Dr. Olukotun, age 67, has been the Chief Executive Officer of CR Strategies, LLC, a medical products consulting company, since 2000, and was the Chief Executive Officer of EpiGen Pharmaceuticals, Inc., a pharmaceutical company, from 2014 to January of 2018. Dr. Olukotun served as Vice Chairman of CardoVax, Inc., a pharmaceutical company, from 2012 to 2016, and as its Chief Executive Officer from 2006 to 2012. He is also co-founder of VIA Pharmaceuticals, Inc., a pharmaceutical company, and served as the company’s Chief Medical Officer from 2004 to 2008.


The Board awarded Dr. Olukotun 15,000 stock options, which vest on the Company’s 2019 annual meeting of shareholders and are exercisable at $1.03 per share.

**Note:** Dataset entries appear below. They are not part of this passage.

Lemma derive1_recip x : 0 < x ->
  derive1 f x = derive1 h x * f x^-1 - h x * derive1 f x^-1 * x ^- 2.
Proof.
move=> x0; have dfi : derivable f x^-1 1 by apply: df; rewrite invr_gt0.
rewrite -(derive1_mulV (lt0r_neq0 x0) (dh x0) dfi) !derive1E; apply: near_eq_derive.
by near=> s; rewrite f_recip //; near: s; exact: near_gt0.
Unshelve. all: by end_near. Qed.

Lemma unit_slope_recip_sum x : 0 < x -> f x != 0 -> h x != 0 ->
  unit_slope x + unit_slope x^-1 =
  x / h x * f x ^+ 2 * derive1 (fun y => (h y - 1) / f y) x.
Proof.
move=> x0 fx0 hx0; have xn0 : x != 0 by rewrite gt_eqF.
have xi0 : 0 < x^-1 by rewrite invr_gt0.
rewrite (derive1_ratio_subr1 fx0 (df x0) (dh x0)) /unit_slope invrK.
have := derive1_recip x0; have := f_recip x0; have := f_recip xi0; rewrite invrK.
move: (f x^-1) (h x^-1) (derive1 f x) (derive1 f x^-1) (derive1 h x).
move=> fi hi d di dh' fxE fiE dE.
have {}fiE : fi = f x / h x by rewrite fiE; field.
have hiE : hi = (h x)^-1.
  by apply: (@mulIf _ (f x)) => //; rewrite -fxE fiE; field.
have diE : di = (dh' * fi - d) * x ^+ 2 / h x by rewrite dE; field; rewrite hx0 xn0.
by rewrite diE hiE fiE; field; rewrite hx0 xn0 fx0.
Qed.

Lemma unit_slope_recip_sum_pmul x : 1 < x -> exists2 c, 0 < c &
  unit_slope x + unit_slope x^-1 = c * derive1 (fun y => (h y - 1) / f y) x.
Proof.
move=> x1; have x0 : 0 < x by apply: lt_trans x1.
have fx0 : 0 < f x by rewrite f_gt0 // gt_eqF.
exists (x / h x * f x ^+ 2); first by rewrite mulr_gt0 ?divr_gt0 ?h_gt0 ?exprn_gt0.
by rewrite unit_slope_recip_sum // gt_eqF ?h_gt0.
Qed.

Lemma unit_slope1 : f 1 = 0 -> unit_slope 1 = 0.
Proof.
move=> f1; rewrite /unit_slope invr1.
have [| |t|_ f'1] := @derive1_at_min R f 0 2 1 (ler0n _ 2).
- by move=> t; rewrite in_itv /= => /andP[t0 _]; exact: df.
- by rewrite in_itv /= ltr01 ltr1n.
- rewrite in_itv /= f1 => /andP[t0 _].
  by have [->|t1] := eqVneq t 1; [rewrite f1|exact/ltW/f_gt0].
- by rewrite derive1E f'1 mulr0 mul0r.
Qed.

Lemma measurable_unit_slope : measurable_fun (`]0, +oo[ : set R) unit_slope.
Proof.
have minv : measurable_fun (`]0, +oo[ : set R) (fun y : R => y^-1).
  by apply: continuous_measurable_pos => x x0; apply: inv_continuous; rewrite gt_eqF.
apply: measurable_funM => //; apply: measurable_funM.
  by apply: continuous_measurable_pos => x x0; exact/derivable1_continuous/dh.
apply: (@measurable_comp _ _ _ _ _ _ (`]0, +oo[ : set R)) => //.
- by move=> _ [y /= y0 <-]; move: y0; rewrite /= !in_itv /= !andbT invr_gt0.
- exact: measurable_derive1_pos.
Qed.

End ScaleReciprocity.

Section IntegralInLaw.
Context (R : realType) (d : measure_display) (T : measurableType d).
Variables (mu : {measure set T -> \bar R}) (X Y : T -> R).
Hypotheses (mX : measurable_fun setT X) (mY : measurable_fun setT Y).
Hypothesis XY_law : forall A, measurable A -> mu (X @^-1` A) = mu (Y @^-1` A).

Lemma integral_eq_in_law (phi : R -> R) : measurable_fun setT phi ->
  mu.-integrable setT (fun w => (phi (X w))%:E) ->
  mu.-integrable setT (fun w => (phi (Y w))%:E) /\
  (\int[mu]_(w in setT) (phi (X w))%:E = \int[mu]_(w in setT) (phi (Y w))%:E)%E.
Proof.
move=> mphi iX.
have lawE (F : (R -> \bar R)) : (\int[pushforward mu X]_(y in setT) F y =
    \int[pushforward mu Y]_(y in setT) F y)%E.
  by apply: eq_measure_integral => A mA _; exact: XY_law.
have mE : measurable_fun setT (EFin \o phi) by exact/measurable_EFinP.
have mEa : measurable_fun setT (fun y => `|(EFin \o phi) y|)%E by exact: measurableT_comp.
have absX := ge0_integral_pushforward mX mu measurableT mEa (fun _ _ => abse_ge0 _).
have absY := ge0_integral_pushforward mY mu measurableT mEa (fun _ _ => abse_ge0 _).
rewrite preimage_setT in absX; rewrite preimage_setT in absY.
have iY : mu.-integrable setT (fun w => (phi (Y w))%:E).
  apply/integrableP; split; first exact/measurable_EFinP/measurableT_comp.
  by move/integrableP: iX => [_]; rewrite -absX -absY lawE.
split => //.
have eX := integral_pushforward (mu := mu) (D := setT) mX mE.
have eY := integral_pushforward (mu := mu) (D := setT) mY mE.
rewrite preimage_setT in eX; rewrite preimage_setT in eY.
by rewrite -(eX iX measurableT) -(eY iY measurableT) lawE.
Qed.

There are no arrangements or understandings pursuant to which Dr. Olukotun was appointed as a director, and there are no related party transactions between the Company and Dr. Olukotun reportable under Item 404(a) of Regulation S-K.


Item 7.01 Regulation FD Disclosure.


A copy of the press release announcing Dr. Olukotun’s appointment to the Board and Dr. Mario’s resignation is furnished as Exhibit 99.01.


Item 9.01 Financial Statements and Exhibits.







    99.01   Press Release dated September 7, 2018, issued by the Company






Pursuant to the requirement of the Securities Exchange Act of 1934, the registrant has duly caused this report to be signed on its behalf by the undersigned thereunto duly authorized.